Wherever "last" turns up in the entries, copy out the line that holds it.
** Opening Recorded information block **
(* For any $n\geq1$ and any odd $b\geq1$, the set $R_n(b)$ listed in $\prec$ order (increasing) is a $3$-adjacent Gray code: any two consecutive sequences in the list differ in at most $3$ positions, and these positions are consecutive.
   Context: A restricted growth function of length $n$ is an integer sequence $s_1\ldots s_n$ with $s_1=0$ and $0\leq s_{i+1}\leq \max\{s_j\}_{j=1}^i+1$ for $1\leq i\leq n-1$; $R_n$ is the set of these. For an integer $b\geq1$, $R_n(b)=\{s_1\ldots s_n\in R_n: \max_i s_i\leq b\}$. The Reflected Gray Code Order $\prec$ on length-$n$ sequences of nonnegative integers: $s_1\ldots s_n\prec t_1\ldots t_n$ if, for the smallest $k$ with $s_k\neq t_k$, either $\sum_{i=1}^{k-1}s_i$ is even and $s_k<t_k$, or $\sum_{i=1}^{k-1}s_i$ is odd and $s_k>t_k$. A list of same-length sequences is a $d$-Gray code if the Hamming distance (number of differing positions) between successive sequences is at most $d$; it is a $d$-adjacent Gray code if in addition the positions where successive sequences differ are adjacent. *)

(* Sequences are [seq nat], positions are 0-indexed. *)
From mathcomp Require Import all_boot.
Set Implicit Arguments. Unset Strict Implicit. Unset Printing Implicit Defensive.

Definition smax (s : seq nat) : nat := foldr maxn 0 s.

(* restricted growth function: s_1 = 0 and s_{i+1} <= max(s_1..s_i) + 1
   (here 0-indexed: s`_0 = 0 and s`_(i+1) <= max(s`_0..s`_i) + 1) *)
Definition is_rgf (s : seq nat) : bool :=
  (nth 0 s 0 == 0) &&
  all (fun i => nth 0 s i.+1 <= (smax (take i.+1 s)).+1) (iota 0 (size s).-1).

Fixpoint all_seqs (n b : nat) : seq (seq nat) :=
  match n with
  | 0 => [:: [::]]
  | n'.+1 => [seq x :: t | x <- iota 0 b.+1, t <- all_seqs n' b]
  end.

Definition Rnb (n b : nat) : seq (seq nat) :=
  [seq s <- all_seqs n b | is_rgf s && (smax s <= b)].

Definition rgc_lt (s t : seq nat) : bool :=
  has (fun k =>
         [&& all (fun i => nth 0 s i == nth 0 t i) (iota 0 k),
             nth 0 s k != nth 0 t k &
             if odd (sumn (take k s)) then nth 0 t k < nth 0 s k
             else nth 0 s k < nth 0 t k])
      (iota 0 (size s)).

Definition rgc_le (s t : seq nat) : bool := (s == t) || rgc_lt s t.

Definition Rnb_list (n b : nat) : seq (seq nat) := sort rgc_le (Rnb n b).

Definition diff_pos (s t : seq nat) : seq nat :=
  [seq i <- iota 0 (maxn (size s) (size t)) | nth 0 s i != nth 0 t i].

Definition hamming (s t : seq nat) : nat := size (diff_pos s t).
(* Let $n, s, t$ be positive integers. Let $S_1,\dots, S_s \subseteq \{1,\dots,n\}$ be non-empty pairwise disjoint sets and $T_1,\dots, T_t \subseteq \{1,\dots,n\}$ be non-empty pairwise disjoint sets such that: 1. $\bigcup_{p=1}^s S_p = \bigcup_{q=1}^t T_q=\{1,\dots,n\}$. 2. For any subsets $\theta_1 \subseteq \{1,\dots,s\}$ and $\theta_2 \subseteq \{1,\dots,t\}$, if $\bigcup_{p \in\theta_1} S_p = \bigcup_{q \in\theta_2} T_q=\Gamma$ for some $\Gamma \subseteq \{1,\dots,n\}$, then $\Gamma \in \{\emptyset, \{1,\dots,n\}\}$. Then there exist an integer $l\geq 2$ and a finite sequence of sets $L_1,\dots, L_l \in \{S_1,\dots, S_s\} \cup \{T_1, \dots, T_t\}$ such that $\bigcup_{p=1}^l L_p = \{1,\dots,n\}$, and for all $p \in \{1,\dots,l-1\}$, $(L_1 \cup \dots \cup L_p) \cap L_{p+1} \neq \emptyset$. *)

From mathcomp Require Import all_boot.
Set Implicit Arguments. Unset Strict Implicit. Unset Printing Implicit Defensive.

From mathcomp Require Import all_boot.

(* Grow a sequence of blocks greedily, starting from an S-block and a T-block
   that meet, by appending any block that meets the current union without being
   contained in it.  When this stops, the union A is a nonempty set that is a
   union of S-blocks and also a union of T-blocks (both families cover the
   ground set, and every block meeting A lies in A), so A is everything. *)

Section LinkedSequences.

Set Implicit Arguments.
Unset Strict Implicit.

Variable T : finType.

Definition linked_seq (L : seq {set T}) :=
  forall p, 1 <= p < size L -> (\bigcup_(X <- take p L) X) :&: nth set0 L p != set0.

Definition saturated (F : {set {set T}}) (A : {set T}) :=
  forall B, B \in F -> B :&: A != set0 -> B \subset A.

Lemma bigcup_rcons (L : seq {set T}) B :
  \bigcup_(X <- rcons L B) X = (\bigcup_(X <- L) X) :|: B.
Proof. by rewrite big_rcons. Qed.

Lemma linked_seq_rcons L B :
  linked_seq L -> B :&: \bigcup_(X <- L) X != set0 -> linked_seq (rcons L B).
Proof.
move=> linkedL meetB p /andP[p_gt0]; rewrite size_rcons ltnS leq_eqVlt.
case/orP=> [/eqP-> | ltpL].
  by rewrite nth_rcons ltnn eqxx -cats1 take_size_cat // setIC.
by rewrite nth_rcons ltpL -cats1 takel_cat 1?ltnW // linkedL ?p_gt0.
Qed.

Lemma linked_seq_saturate (F : {set {set T}}) L :
  linked_seq L -> {subset L <= F} ->
  exists L', [/\ linked_seq L', {subset L' <= F}, size L <= size L',
                 \bigcup_(X <- L) X \subset \bigcup_(X <- L') X
               & saturated F (\bigcup_(X <- L') X)].
Proof.
have [k] := ubnP #|~: \bigcup_(X <- L) X|; elim: k L => // k IH L ltUk linkedL LF.
case: (boolP [exists B in F, (B :&: \bigcup_(X <- L) X != set0)
                             && ~~ (B \subset \bigcup_(X <- L) X)]); last first.
  move/exists_inPn=> satL; exists L; split=> // B BF meetB.
  by move: (satL B BF); rewrite meetB negbK.
case/exists_inP=> B BF /andP[meetB /subsetPn[x xB xnotU]].
have shrinks : #|~: \bigcup_(X <- rcons L B) X| < k.
  rewrite -ltnS; apply: leq_trans ltUk; apply: proper_card.
  rewrite bigcup_rcons setCU.
  apply/properP; split; first exact: subsetIl.
  by exists x; rewrite !inE ?xB ?andbF.
have rconsF : {subset rcons L B <= F}.
  by move=> X; rewrite mem_rcons inE => /orP[/eqP-> | /LF].
have [L' [linkedL' L'F sizeL' subL' satL']] :=
  IH _ shrinks (linked_seq_rcons linkedL meetB) rconsF.
exists L'; split=> //; first by apply: leq_trans sizeL'; rewrite size_rcons.
by apply: subset_trans subL'; rewrite bigcup_rcons subsetUl.
Qed.

Lemma bigcup_saturated (I : finType) (S : I -> {set T}) (A : {set T}) :
  \bigcup_i S i = [set: T] -> (forall i, S i :&: A != set0 -> S i \subset A) ->
  \bigcup_(i in [set i | S i \subset A]) S i = A.
Proof.
move=> coverS satA; apply/eqP; rewrite eqEsubset; apply/andP; split.
  by apply/bigcupsP=> i; rewrite inE.
apply/subsetP=> x xA; have /bigcupP[i _ xSi] : x \in \bigcup_i S i by rewrite coverS.
apply/bigcupP; exists i => //; rewrite inE; apply: satA.
by apply/set0Pn; exists x; rewrite inE xSi.
Qed.

End LinkedSequences.

Theorem lemma1 (n s t : nat) (S : 'I_s -> {set 'I_n}) (T : 'I_t -> {set 'I_n}) :
  0 < n -> 0 < s -> 0 < t ->
  (forall p, S p != set0) ->
  (forall q, T q != set0) ->
  (forall p1 p2, p1 != p2 -> [disjoint S p1 & S p2]) ->
  (forall q1 q2, q1 != q2 -> [disjoint T q1 & T q2]) ->
  \bigcup_(p < s) S p = [set: 'I_n] ->
  \bigcup_(q < t) T q = [set: 'I_n] ->
  (forall (th1 : {set 'I_s}) (th2 : {set 'I_t}) (G : {set 'I_n}),
      \bigcup_(p in th1) S p = G -> \bigcup_(q in th2) T q = G ->
      G = set0 \/ G = [set: 'I_n]) ->
  exists L : seq {set 'I_n},
    [/\ 2 <= size L,
        (forall X, X \in L -> (exists p, X = S p) \/ (exists q, X = T q)),
        \bigcup_(X <- L) X = [set: 'I_n]
      & forall p, 1 <= p < size L ->
          (\bigcup_(X <- take p L) X) :&: nth set0 L p != set0].
Proof.
move=> _ s_gt0 _ S_neq0 _ _ _ coverS coverT trivial_common.
pose p0 := Ordinal s_gt0.
pose F := S @: setT :|: T @: setT.
have [x xS] := set0Pn _ (S_neq0 p0).
have /bigcupP[q _ xT] : x \in \bigcup_(q < t) T q by rewrite coverT.
have linked0 : linked_seq [:: S p0; T q].
  case=> [|[|//]] //= _; rewrite big_seq1 setIC.
  by apply/set0Pn; exists x; rewrite inE xS xT.
have sub0 : {subset [:: S p0; T q] <= F}.
  by move=> X; rewrite !inE => /orP[]/eqP->; rewrite imset_f ?orbT.
have [L [linkedL LF sizeL subL satL]] := linked_seq_saturate linked0 sub0.
have UL_neq0 : \bigcup_(X <- L) X != set0.
  apply/set0Pn; exists x; apply: (subsetP subL).
  by rewrite big_cons inE xS.
exists L; split=> //.
- by move=> X /LF; rewrite inE => /orP[]/imsetP[i _ ->]; [left | right]; exists i.
have S_sat p : S p :&: \bigcup_(X <- L) X != set0 -> S p \subset \bigcup_(X <- L) X.
  by apply: satL; rewrite !inE imset_f.
have T_sat q' : T q' :&: \bigcup_(X <- L) X != set0 -> T q' \subset \bigcup_(X <- L) X.
  by apply: satL; rewrite !inE imset_f ?orbT.
have [UL0 | //] := trivial_common _ _ _
  (bigcup_saturated coverS S_sat) (bigcup_saturated coverT T_sat).
by rewrite UL0 eqxx in UL_neq0.
Qed.
(* Let $0\le\underline{\tau}<\overline{\tau}<\infty$, $\gamma\ge0$, let $f$ be a piecewise continuous probability density supported on $[\underline{\tau},\overline{\tau}]$, and let $\beta:[0,\infty)\to(0,\infty)$ be continuous and decreasing with $\lim_{x\to+\infty}\beta(x)=0$ and with $x\mapsto x\beta(x)$ Lipschitz. Assume $\delta=0$ and $$\int_{\underline{\tau}}^{\overline{\tau}}e^{-\gamma\tau}f(\tau)\,d\tau>\frac12,$$ and assume there exists $\overline{x}\ge0$ such that $x\mapsto x\beta(x)$ is decreasing on $[\overline{x},\infty)$. For $\mu\ge0$ let $x(t)$ be the unique continuous solution on $[0,\infty)$ of: $x(0)=\mu$; $$x'(t)=-\beta(x(t))x(t)+2\beta(\mu)\mu\int_{\underline{\tau}}^{\overline{\tau}}e^{-\gamma\tau}f(\tau)d\tau,\quad 0\le t\le\underline{\tau};$$ $$x'(t)=-\beta(x(t))x(t)+2\beta(\mu)\mu\int_t^{\overline{\tau}}e^{-\gamma\tau}f(\tau)d\tau+2\int_{\underline{\tau}}^{t}e^{-\gamma\tau}f(\tau)\beta(x(t-\tau))x(t-\tau)d\tau,\quad \underline{\tau}\le t\le\overline{\tau};$$ $$x'(t)=-\beta(x(t))x(t)+2\int_{\underline{\tau}}^{\overline{\tau}}e^{-\gamma\tau}f(\tau)\beta(x(t-\tau))x(t-\tau)d\tau,\quad t\ge\overline{\tau}.$$ If $\mu\ge\overline{x}$, then $\lim_{t\to+\infty}x(t)=+\infty$.
   Context: This $x(t)$ is the total resting stem cell population in an age-structured hematopoiesis model (with resting-cell loss rate $\delta=0$, proliferating-cell apoptosis rate $\gamma$, entry rate $\beta(x)$ into proliferation, and division-time density $f$), where the initial resting population is $\mu$ and the initial proliferating age distribution is the one consistent with the model. *)

From Stdlib Require Import Reals Lra.
From Coquelicot Require Import Coquelicot.
Open Scope R_scope.

Definition piecewise_continuous_on (f : R -> R) (a b : R) : Prop :=
  exists (n : nat) (p : nat -> R),
    p 0%nat = a /\ p n = b /\
    (forall i, (i < n)%nat -> p i < p (S i)) /\
    (forall i, (i < n)%nat ->
       (forall s, p i < s < p (S i) -> continuous f s) /\
       (exists l : R, filterlim f (at_right (p i)) (locally l)) /\
       (exists l : R, filterlim f (at_left (p (S i))) (locally l))).

Definition pc_density_on (f : R -> R) (a b : R) : Prop :=
  piecewise_continuous_on f a b /\
  (forall s, 0 <= f s) /\
  (forall s, (s < a \/ b < s) -> f s = 0) /\
  RInt f a b = 1.

Definition continuous_on_nonneg (g : R -> R) : Prop :=
  forall s, 0 <= s -> filterlim g (within (fun y => 0 <= y) (locally s)) (locally (g s)).

Definition rhs (beta f x : R -> R) (gamma tau_lo tau_hi mu t : R) : R :=
  if Rle_dec t tau_lo then
    - beta (x t) * x t
    + 2 * beta mu * mu * RInt (fun s => exp (- gamma * s) * f s) tau_lo tau_hi
  else if Rle_dec t tau_hi then
    - beta (x t) * x t
    + 2 * beta mu * mu * RInt (fun s => exp (- gamma * s) * f s) t tau_hi
    + 2 * RInt (fun s => exp (- gamma * s) * f s * beta (x (t - s)) * x (t - s)) tau_lo t
  else
    - beta (x t) * x t
    + 2 * RInt (fun s => exp (- gamma * s) * f s * beta (x (t - s)) * x (t - s)) tau_lo tau_hi.

(* Write G(y) = y beta(y) and K = \int e^{-gamma s} f(s) ds > 1/2.  At a time c where
   x attains its running maximum and has stayed above mu >= xbar, every delayed value
   x(c - s) lies in [xbar, x(c)], where G is nonincreasing, so the equation gives
   x'(c) >= (2K - 1) G(x(c)) > 0; just after t = 0 the right-hand side is positive by
   continuity.  A supremum argument then shows that x is nondecreasing.  If x stayed
   below some M, then x' >= (2K - 1) G(M) > 0 throughout, which is absurd, so x tends
   to +oo. *)

From Stdlib Require Import Reals Lra Lia Classical.
From Coquelicot Require Import Coquelicot.
Open Scope R_scope.

Lemma ball_R (x e y : R) : ball x e y <-> Rabs (y - x) < e.
Proof. reflexivity. Qed.

Lemma continuous_glue_right (F f : R -> R) (u v l : R) :
  u < v -> filterlim f (at_right u) (locally l) ->
  (forall y, y <= u -> F y = l) -> (forall y, u < y < v -> F y = f y) ->
  continuous F u.
Proof.
  intros Huv Hf Hleft Hmid P HP.
  rewrite (Hleft u (Rle_refl u)) in HP.
  destruct (Hf P HP) as [eps Heps].
  assert (Hd : 0 < Rmin eps (v - u)) by (apply Rmin_pos; [apply cond_pos | lra]).
  exists (mkposreal _ Hd); intros y Hy; rewrite ball_R in Hy; simpl in Hy.
  apply Rabs_def2 in Hy; pose proof (Rmin_l eps (v - u)); pose proof (Rmin_r eps (v - u)).
  destruct (Rle_dec y u) as [Hyu | Hyu].
  - rewrite Hleft by exact Hyu; exact (locally_singleton _ _ HP).
  - rewrite Hmid by lra; apply Heps; [rewrite ball_R; apply Rabs_def1 |]; lra.
Qed.
Lemma discounted_tail_estimate (n lam eps u l : R) (k : nat) :
  0 < eps <= 1 -> eps < lam -> eps < n -> (lam - eps) * n > lam * eps -> 0 < u < 1 ->
  0 <= l <= 2 * u * (1 - u) / n ^ 2 * (n / (n + lam)) ^ k / (1 - n / (n + lam)) ->
  Rabs (lam * n ^ 2 / (2 * u * (1 - u) * (n + lam)) * l)
  <= / ((1 + lam / n) * (1 - eps / n)) ^ k
     * (C_eps eps * lam * (n - eps) / ((lam - eps) * n - lam * eps)).
Proof.
move=> heps hlam hn hlamN hu [hl0 hlK].
have hu2 : 0 < 2 * u * (1 - u) by nra.
have hpref : 0 <= lam * n ^ 2 / (2 * u * (1 - u) * (n + lam)).
  by apply: Rle_mult_inv_pos; [apply: Rmult_le_pos; [lra | apply: pow_le; lra] | nra].
have hsum : lam * n ^ 2 / (2 * u * (1 - u) * (n + lam))
            * (2 * u * (1 - u) / n ^ 2 * (n / (n + lam)) ^ k / (1 - n / (n + lam)))
            = (n / (n + lam)) ^ k.
  by field; repeat split; lra.
have hdisc : (n / (n + lam)) ^ k <= / ((1 + lam / n) * (1 - eps / n)) ^ k.
  by apply: discount_pow_le; lra.
have hK : 1 <= C_eps eps * lam * (n - eps) / ((lam - eps) * n - lam * eps).
  by apply: C_eps_ratio_ge1; lra.
have hinv : 0 <= / ((1 + lam / n) * (1 - eps / n)) ^ k.
  by apply: Rle_trans hdisc; apply: pow_le; apply: Rle_mult_inv_pos; lra.
rewrite Rabs_pos_eq; last exact: Rmult_le_pos.
rewrite -hsum in hdisc.
by have := Rmult_le_compat_l _ _ _ hpref hlK; nra.
Qed.

Theorem lemma4p6 (E : finType) (Q : mat E)
  (hN : (8 < #|E|)%N)
  (hstoch : stochastic_mx Q) (hirr : irreducible_mx Q)
  (hsym : symmetric_mx Q) (htr : mtr Q = 0)
  (eps : R) (heps : 0 < eps <= 1)
  (lam : R) (hlam : eps < lam) (hlamN : (lam - eps) * NR E > lam * eps)
  (u : R) (hu : 0 < u < 1) (m : nat) :
  exists l : R,
    infinite_sum
      (fun k : nat =>
         let n := (m * #|E| + 1 + k)%nat in
         (NR E / (NR E + lam)) ^ n *
         (/ NR E * S_beta u (L0n Q (n + 1) (@Jmx E))
          - / NR E * S_beta u (L0n Q n (@Jmx E)))) l /\
    Rabs (lam * NR E ^ 2 / (2 * u * (1 - u) * (NR E + lam)) * l)
    <= / (((1 + lam / NR E) * (1 - eps / NR E)) ^ (m * #|E| + 1))
       * (C_eps eps * lam * (NR E - eps) / ((lam - eps) * NR E - lam * eps)).
Proof.
have hN4 : 4 <= NR E.
  by rewrite /NR (_ : 4 = INR 4); [apply: le_INR; apply/leP; apply: leq_trans hN | simpl; ring].
pose c := 2 * u * (1 - u) / NR E ^ 2.
pose r := NR E / (NR E + lam).
pose n0 := (m * #|E| + 1)%N.
have hr : 0 <= r < 1.
  split; first by apply: Rle_mult_inv_pos; lra.
  by apply: (Rmult_lt_reg_r (NR E + lam)); [lra | rewrite /r /Rdiv Rmult_assoc Rinv_l; lra].
match goal with |- exists l, infinite_sum ?f l /\ _ => set t := f end.
have ht k : 0 <= t k <= c * r ^ n0 * r ^ k.
  rewrite Rmult_assoc -pow_add plusE /t /= -/n0 addn1.
  rewrite (S_beta_increment hstoch hsym htr hN4) -/c -/r.
  have [hd0 hd1] := trQ_L0J_bounds hstoch hsym htr hN4 (n0 + k).
  have hc : 0 <= c by apply: Rle_mult_inv_pos; [nra | apply: pow_lt; lra].
  have hrk : 0 <= r ^ (n0 + k) by apply: pow_le; lra.
  by have := Rmult_le_pos _ _ hc hrk; split; nra.
have [l [hl hlb]] := geometric_dominated_sum hr ht.
exists l; split => //.
by apply: discounted_tail_estimate => //; lra.
Qed.
(* Let $n>1$, let $\mathcal{X}=\{-1,1\}^n$, and let $\mathcal{P}\subseteq[0,1]$ be a Lebesgue measurable set with Lebesgue measure $\mu(\mathcal{P})>0$. Let $\mathcal{K}$ be the set of admissible controllers, i.e. maps $K:\mathcal{X}\to\mathbb{R}^n$, $X=(X_0,\dots,X_{n-1})\mapsto (K_0(X),\dots,K_{n-1}(X))$, such that for each $k$ the value $K_k(X)$ depends only on $X_0,\dots,X_{k-1}$, and $|K_k(X)|\leq 1$ for all $X,k$. For $K\in\mathcal{K}$ and $p\in[0,1]$ let \[ ELG_K(p)\doteq\frac{1}{n}\sum_{X\in\mathcal{X}}p^{n_h(X)}(1-p)^{n-n_h(X)}\sum_{k=0}^{n-1}\log\bigl(1+K_k(X)X_k\bigr), \] where $n_h(X)=\#\{i:X_i=1\}$, with conventions $\log 0=-\infty$, $0\cdot(-\infty)=0$. Let $K^*\in\mathcal{K}$ be the controller \[ K_k^*(X)=\frac{\int_{p\in\mathcal{P}}p^{q_k}(1-p)^{k-q_k}(2p-1)\,dp}{\int_{p\in\mathcal{P}}p^{q_k}(1-p)^{k-q_k}\,dp},\qquad q_k=\#\{i\in\{0,\dots,k-1\}:X_i=1\}, \] (the unique maximizer of $K\mapsto\int_{\mathcal{P}}ELG_K(p)\,dp$ over $\mathcal{K}$), and let $K_0^*$ denote the static linear controller with constant gain $K_0^*=2\bar p-1$ at every stage and every sample path, where $\bar p=\frac{1}{\mu(\mathcal{P})}\int_{\mathcal{P}}p\,dp$ (the optimal static linear controller). Then \[ \int_{p\in\mathcal{P}}ELG_{K^*}(p)\,dp\;>\;\int_{p\in\mathcal{P}}ELG_{K_0^*}(p)\,dp . \]
   Context: Interpretation: $n$ flips of a coin with unknown probability of heads $p\in\mathcal{P}$ and even-money payoff; $X_k=1$ is heads, $X_k=-1$ tails; the bet at stage $k$ is $K_k(X)V_k$ and wealth evolves as $V_{k+1}=(1+K_k(X)X_k)V_k$, so $ELG_K(p)=\frac1n\mathbb{E}\log(V_n/V_0)$. A static linear controller is one with $K_k(X)\equiv K_0$ constant for all $k$ and $X$. *)

From mathcomp Require Import all_boot all_order all_algebra.
From mathcomp Require Import all_classical all_reals all_analysis.

Set Implicit Arguments.
Unset Strict Implicit.
Unset Printing Implicit Defensive.

Import Order.TTheory GRing.Theory Num.Theory.
Local Open Scope classical_set_scope.
Local Open Scope ring_scope.

(* Stage k in 'I_n ; a sample path X = (X_0,...,X_{n-1}) in {-1,1}^n is encoded
   as a finite function 'I_n -> bool, with [true] = heads (+1), [false] = tails (-1). *)
Definition path (n : nat) := {ffun 'I_n -> bool}.

Section Defs.
Variable R : realType.

Definition lmu : set R -> \bar R := @completed_lebesgue_measure R.

Definition lmeasurable (A : set R) : Prop :=
  @measurable _ (caratheodory_type (R:=R) (@wlength R idfun)^*%mu) A.

Definition lint (A : set R) (f : R -> \bar R) : \bar R :=
  \int[@completed_lebesgue_measure R]_(x in A) f x.

Definition sgnb (b : bool) : R := if b then 1 else -1.

Definition controller (n : nat) := path n -> 'I_n -> R.

(* admissible controllers (not needed in the statement; for reference) *)
Definition admissible (n : nat) (K : controller n) : Prop :=
  (forall (X Y : path n) (k : 'I_n), (forall i : 'I_n, (i < k)%N -> X i = Y i) -> K X k = K Y k) /\
  (forall (X : path n) (k : 'I_n), `|K X k| <= 1).

Definition nh (n : nat) (X : path n) : nat := #|[set i | X i]|.

Definition qk (n : nat) (X : path n) (k : 'I_n) : nat :=
  #|[set i : 'I_n | (i < k)%N && X i]|.

(* log with the convention log 0 = -oo (the argument is >= 0 for admissible K) *)
Definition logE (x : R) : \bar R := if 0 < x then (ln x)%:E else -oo%E.

(* expected log growth; in \bar R, 0 * -oo = 0 holds by the library convention *)
Definition ELG (n : nat) (K : controller n) (p : R) : \bar R :=
  ((n%:R)^-1)%:E *
  (\sum_(X : path n)
     ((p ^+ nh X * (1 - p) ^+ (n - nh X))%:E *
      \sum_(k < n) logE (1 + K X k * sgnb (X k))))%E.

Definition Kstar (n : nat) (P : set R) : controller n :=
  fun X k =>
    let q := qk X k in
    fine (lint P (fun p => (p ^+ q * (1 - p) ^+ (k - q) * (2 * p - 1))%:E)) /
    fine (lint P (fun p => (p ^+ q * (1 - p) ^+ (k - q))%:E)).

Definition pbar (P : set R) : R :=
  fine (lint P (fun p => p%:E)) / fine (lmu P).

Definition static_ctrl (n : nat) (c : R) : controller n := fun _ _ => c.

End Defs.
** Closing Recorded information block **
Task result:
                             && ~~ (B \subset \bigcup_(X <- L) X)]); last first.
rewrite Rabs_pos_eq; last exact: Rmult_le_pos.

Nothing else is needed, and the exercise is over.